Well, we got four - that's about 25% and when we candled them, there were 5 I wasn't sure of anyway. That'll hold us for a while. Someone locally suggested putting a tealight in the incubator (acting as a pilot light) - I'll have to remember that.


----------



## netandtim (Oct 8, 2008)

Congrats on salvaging some of the batch! Are you gearing up for another incubator run?

Thanks for the tea light tip - need to remember that one, too.


----------



## JayJay (Nov 23, 2010)

Possumfam said:


> Like many of you who have lost power, we had a pretty good storm come through and we were w/o power for about 6 1/2 hours. That's not serious unless you're an egg in an incubator and the temp got down to 85 for several hours. This happened on day 16. As of now, we can't tell, but are they gonna make it, or is the whole batch lost?


You must know about eggs..I hope.
A friend gives us eggs every now and then..I was using them for baking, but have had to cut back on baking.
My hiney protested big time...and I still want to preserve the eggs for later.
I read putting the eggs, unwashed, in a bucket of sawdust, not touching, would keep them for a year-- in a cool, dark place.
Have you or anyone here tried that or heard of the results??
Last batch I froze, but can't depend on electricity, so will try this method next.


----------



## Possumfam (Apr 19, 2011)

netandtim said:


> Congrats on salvaging some of the batch!

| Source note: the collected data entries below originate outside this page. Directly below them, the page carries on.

Lemma vadd_idem (z : E) : vadd E z z = z -> z = v0 E.
Proof. by move=> zz; rewrite -(vaddN E z) -{2}zz -vaddA vaddN vadd0. Qed.

Lemma vscale_C0 (x : E) : vscale E C0 x = v0 E.
Proof.
apply: vadd_idem; rewrite -vscaleDl; congr (vscale E _ x).
by apply: Ceq => /=; ring.
Qed.

Lemma vopp_scale (x : E) : vopp E x = vscale E (mkC (-1) 0) x.
Proof.
have inv : vadd E x (vscale E (mkC (-1) 0) x) = v0 E.
  rewrite -{1}(vscale1 E x) -vscaleDl -(vscale_C0 x); congr (vscale E _ x).
  by apply: Ceq => /=; ring.
by rewrite -[LHS]vadd0 -inv vaddA (vaddC E (vopp E x)) vaddN vadd0l.
Qed.

Lemma vscale_v0 (a : Cplx) : vscale E a (v0 E) = v0 E.
Proof. by apply: vadd_idem; rewrite -vscaleDr vadd0. Qed.

Lemma vsub_v0 (x : E) : vsub E x (v0 E) = x.
Proof. by rewrite /vsub vopp_scale vscale_v0 vadd0. Qed.

Lemma vsub_scale (a b : Cplx) (x : E) :
  vsub E (vscale E a x) (vscale E b x) = vscale E (Csub a b) x.
Proof.
rewrite /vsub vopp_scale vscaleA -vscaleDl; congr (vscale E _ x).
by apply: Ceq => /=; ring.
Qed.

Lemma vsub_split (x y z : E) :
  vsub E x z = vadd E (vsub E x y) (vsub E y z).
Proof.
rewrite /vsub -vaddA; congr (vadd E x _).
by rewrite vaddA (vaddC E (vopp E y)) vaddN vadd0l.
Qed.

Lemma sn_v0 (i : sn_index E) : sn E i (v0 E) = 0.
Proof. by rewrite -(vscale_C0 (v0 E)) sn_homog Cnorm_C0 Rmult_0_l. Qed.

Lemma sn_opp (i : sn_index E) (x : E) : sn E i (vopp E x) = sn E i x.
Proof. by rewrite vopp_scale sn_homog Cnorm_m1 Rmult_1_l. Qed.

Lemma sn_ge0 (i : sn_index E) (x : E) : 0 <= sn E i x.
Proof.
have := sn_triangle E i x (vopp E x).
by rewrite vaddN sn_v0 sn_opp; lra.
Qed.

Lemma sn_pos {x : E} : x <> v0 E -> exists i, 0 < sn E i x.
Proof.
move=> x0; apply: NNPP => nopos; apply: x0; apply: sn_separating => i.
have : ~ 0 < sn E i x by move=> ?; apply: nopos; exists i.
by have := sn_ge0 i x; lra.
Qed.

Lemma vscale_inj {a b : Cplx} {x : E} :
  x <> v0 E -> vscale E a x = vscale E b x -> a = b.
Proof.
move=> /sn_pos [i xi] ab.
have := sn_homog E i (Csub a b) x.
rewrite -vsub_scale ab /vsub vaddN sn_v0.
move=> /esym /Rmult_integral [/Cnorm_eq0 ab0 | xi0]; last lra.
by move: (f_equal Cre ab0) (f_equal Cim ab0) => /= re im; apply: Ceq; lra.
Qed.

Lemma open_ball (i : sn_index E) (c : E) (r : R) :
  E_open E (fun v => sn E i (vsub E v c) < r).
Proof.
move=> x xr; exists (i :: nil), (r - sn E i (vsub E x c)); split; first lra.
move=> y /(_ i (or_introl erefl)) yx.
by have := sn_triangle E i (vsub E y x) (vsub E x c); rewrite -vsub_split; lra.
Qed.

Lemma open_nonzero : E_open E (fun v => v <> v0 E).
Proof.
move=> x /sn_pos [i xi]; exists (i :: nil), (sn E i x); split=> // y.
by move=> /(_ i (or_introl erefl)) + y0; rewrite y0 /vsub vadd0l sn_opp; lra.
Qed.

End LocallyConvex.

Lemma contE_const (X : TopSpace) (E : LCS) (c : E) : contE X E (fun _ => c).
Proof.
move=> W _; case: (pselect (W c)) => Wc.
- by apply: open_ext (open_full X).
- by apply: open_ext (open_empty X).
Qed.

(** * Scalar functionals with the range property *)

Section RangeFunctional.
Context {X : TopSpace} {sigma : (X -> Cplx) -> Cplx}.
Hypothesis sigma_point :
  forall f, contReIm X f -> exists x, sigma f = f x.
Hypothesis sigma_range : forall f g, contReIm X f -> contReIm X g ->
  exists x, Csub (sigma f) (sigma g) = Csub (f x) (g x).

Definition sigmaR (h : X -> R) : R := Cre (sigma (mkCf h (fun _ => 0))).

Let cR0 : contR X (fun _ => 0) := contR_const 0.

Lemma sigma_real {h : X -> R} :
  contR X h -> sigma (mkCf h (fun _ => 0)) = mkC (sigmaR h) 0.
Proof.
move=> ch; have [x ex] := sigma_point _ (contReIm_mkCf ch cR0).
by apply: Ceq => //=; rewrite ex.
Qed.

Lemma sigma_imag {k : X -> R} :
  contR X k -> sigma (mkCf (fun _ => 0) k) = mkC 0 (sigmaR k).
Proof.
move=> ck.
have [x /(f_equal Cre) /= ex] := sigma_point _ (contReIm_mkCf cR0 ck).
have [x' ex'] := sigma_range _ _ (contReIm_mkCf cR0 ck) (contReIm_mkCf ck cR0).
move: ex'; rewrite sigma_real // => ex'.
move: (f_equal Cre ex') (f_equal Cim ex') => /= e1 e2.
by apply: Ceq => /=; lra.
Qed.

Lemma sigma_mkCf {h k : X -> R} :
  contR X h -> contR X k -> sigma (mkCf h k) = mkC (sigmaR h) (sigmaR k).
Proof.
move=> ch ck; have chk := contReIm_mkCf ch ck.
have [x /(f_equal Cre) /= ex] := sigma_range _ _ chk (contReIm_mkCf ch cR0).
have [x' /(f_equal Cim) /= ex'] := sigma_range _ _ chk (contReIm_mkCf cR0 ck).
move: ex ex'; rewrite sigma_real // sigma_imag //= => ex ex'.
by apply: Ceq => /=; lra.
Qed.

Lemma sigmaR_point {h : X -> R} : contR X h -> exists x, sigmaR h = h x.
Proof.
move=> ch; have [x ex] := sigma_point _ (contReIm_mkCf ch cR0).
by exists x; rewrite /sigmaR ex.
Qed.

Lemma sigmaR_sub_const {h : X -> R} (a : R) :
  contR X h -> sigmaR (fun x => h x - a) = sigmaR h - a.
Proof.
move=> ch; have cha : contR X (fun x => h x - a).
  exact: contR_plus ch (contR_const _).
have [x /(f_equal Cre) /= ex] :=
  sigma_range _ _ (contReIm_mkCf cha cR0) (contReIm_mkCf ch cR0).
by rewrite /sigmaR; lra.
Qed.

Lemma sigmaR_add {h k : X -> R} : contR X h -> contR X k ->
  sigmaR (fun x => h x + k x) = sigmaR h + sigmaR k.
Proof.
move=> ch ck; have chk := contR_plus ch ck.
have [x ex] := sigma_range _ _ (contReIm_mkCf chk cR0) (contReIm_mkCf ch ck).
move: ex; rewrite sigma_real // sigma_mkCf // => ex.
by move: (f_equal Cre ex) (f_equal Cim ex) => /= e1 e2; lra.
Qed.

(* Evaluate sigma at h + ik: it is a value h(x) + i k(x), and h(x) = 0. *)
Lemma sigmaR_zero_transfer {h k : X -> R} : contR X h -> contR X k ->
  sigmaR h = 0 -> (forall x, h x = 0 -> k x = 0) -> sigmaR k = 0.
Proof.
move=> ch ck h0 hk; have [x] := sigma_point _ (contReIm_mkCf ch ck).
rewrite sigma_mkCf // => ex.
move: (f_equal Cre ex) (f_equal Cim ex) => /= hx ->.
by apply: hk; rewrite -hx.
Qed.

Lemma sigmaR_dist {h : X -> R} :
  contR X h -> sigmaR (fun x => Rabs (h x - sigmaR h)) = 0.
Proof.
move=> ch; have chs : contR X (fun x => h x - sigmaR h).
  exact: contR_plus ch (contR_const _).
apply: (sigmaR_zero_transfer chs (contR_abs chs)).
  by rewrite sigmaR_sub_const //; ring.
by move=> x ->; exact: Rabs_R0.
Qed.

Lemma sigmaR_gauge (l : list {h : X -> R | contR X h}) :
  exists H, contR X H /\ (forall x, 0 <= H x) /\ sigmaR H = 0 /\
    forall x, H x = 0 -> forall i, In i l -> sval i x = sigmaR (sval i).
Proof.
elim: l => [|[h ch] l [H [cH [H0 [sH Hl]]]]].
  exists (fun _ => 0); split=> //; split=> [x|]; first lra.
  by have [x ->] := sigmaR_point cR0.
pose g x := Rabs (h x - sigmaR h).
have cg : contR X g by apply/contR_abs/contR_plus/contR_const.
have g0 x : 0 <= g x by apply: Rabs_pos.
exists (fun x => H x + g x); split; first exact: contR_plus.
split=> [x|]; first by have := H0 x; have := g0 x; lra.
split; first by rewrite sigmaR_add // sH sigmaR_dist //; ring.
move=> x /= /(Rplus_eq_R0 _ _ (H0 x) (g0 x)) [Hx gx] i.
case=> [<-|li] /=; last exact: Hl.
by move: gx; rewrite /g; split_Rabs; lra.
Qed.

Lemma sigmaR_eval :
  compact_space X -> exists x, forall h, contR X h -> h x = sigmaR h.
Proof.
move=> cX; apply: NNPP => nopoint.
pose U (i : {h : X -> R | contR X h}) x := sval i x <> sigmaR (sval i).
have [l lcov] : exists l, forall x, exists i, In i l /\ U i x.
  apply: cX => [[h ch]|x]; first exact: open_neq.
  apply: NNPP => nUx; apply: nopoint; exists x => h ch.
  by apply: NNPP => hx; apply: nUx; exists (exist _ h ch).
have [H [cH [_ [sH Hl]]]] := sigmaR_gauge l.
have [x Hx] := sigmaR_point cH.
have [i [li Uix]] := lcov x.
by apply: Uix; apply: Hl li; rewrite -Hx.
Qed.

Lemma sigma_eval :
  compact_space X -> exists x, forall f, contReIm X f -> sigma f = f x.
Proof.
move=> cX; have [x hx] := sigmaR_eval cX; exists x => f [cre cim].
by rewrite -(mkCf_eta f) sigma_mkCf // -!hx.
Qed.

End RangeFunctional.

Definition tensor {X : Type} {E : LCS} (f : X -> Cplx) (u : E) : X -> E :=
  fun x => vscale E (f x) u.

Section Tensor.
Context {X : TopSpace} {E : LCS}.
Variable u : E.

Are you gearing up for another incubator run?
> 
> Thanks for the tea light tip - need to remember that one, too.


No, I think we're done for the year. We've got a few older hens that've been laying faithfully, but the last two winters we had to buy eggs. So these 4 chicks added to 8 chicks from last month should hold us over for a year or two before we have to hatch out more again.

JayJay - I'm thinking we might try the mineral oil as a preservative. I know Davarm and a few others dehydrate their excess eggs, but I don't have the right kind of dehydrator. I need to do something right now though to prevent having to purchase eggs this winter - AGAIN.


----------